EXERCISE: Extract every line from the records below that contains the word "poly".
*** RAW DATA ***
(* Let $k$ be a field of characteristic zero, let $q\in k$ satisfy $q^m=1$ with $m$ the minimal positive such integer, and assume $k$ contains all $m$th roots of unity. Let $f\in k(x,y)$ and suppose $f=\tau_{x,q}(g)-g+c$ with $g\in k(x,y)$ and $c\in k(y)(x^m)$. Let $\partial_y\in\{\Delta_y,D_y\}$. Then $f$ is exact with respect to $(\Delta_{x,q},\partial_y)$ if and only if $c=\partial_y(d)$ for some $d\in k(y)(x^m)$.
   Context: On $k(x,y)$: $\tau_{x,q}(f(x,y))=f(qx,y)$, $\sigma_y(f(x,y))=f(x,y+1)$, $\Delta_{x,q}=\tau_{x,q}-1$, $\Delta_y=\sigma_y-1$, and $D_y=\partial/\partial y$. A rational function $f\in k(x,y)$ is exact with respect to a pair $(\partial_x,\partial_y)$ of such operators if $f=\partial_x(g)+\partial_y(h)$ for some $g,h\in k(x,y)$. Here $k(y)(x^m)$ denotes the subfield of $k(x,y)$ generated over $k(y)$ by $x^m$. *)

From HB Require Import structures.
From mathcomp Require Import all_boot all_order all_algebra generic_quotient fraction.
Set Implicit Arguments. Unset Strict Implicit. Unset Printing Implicit Defensive.
Import Order.TTheory GRing.Theory Num.Theory.
Local Open Scope ring_scope.

Notation "x %:F" := (@FracField.tofrac _ x).

(* k[x,y] is represented as {poly {poly k}} = (k[y])[x]:                    *)
(*   the OUTER indeterminate 'X is x, the INNER one ('X%:P) is y.          *)

Definition ratfun (k : fieldType) := {fraction {poly {poly k}}}.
***
RESPONSE TO THIS EXERCISE:
(* k[x,y] is represented as {poly {poly k}} = (k[y])[x]:                    *)
Definition ratfun (k : fieldType) := {fraction {poly {poly k}}}.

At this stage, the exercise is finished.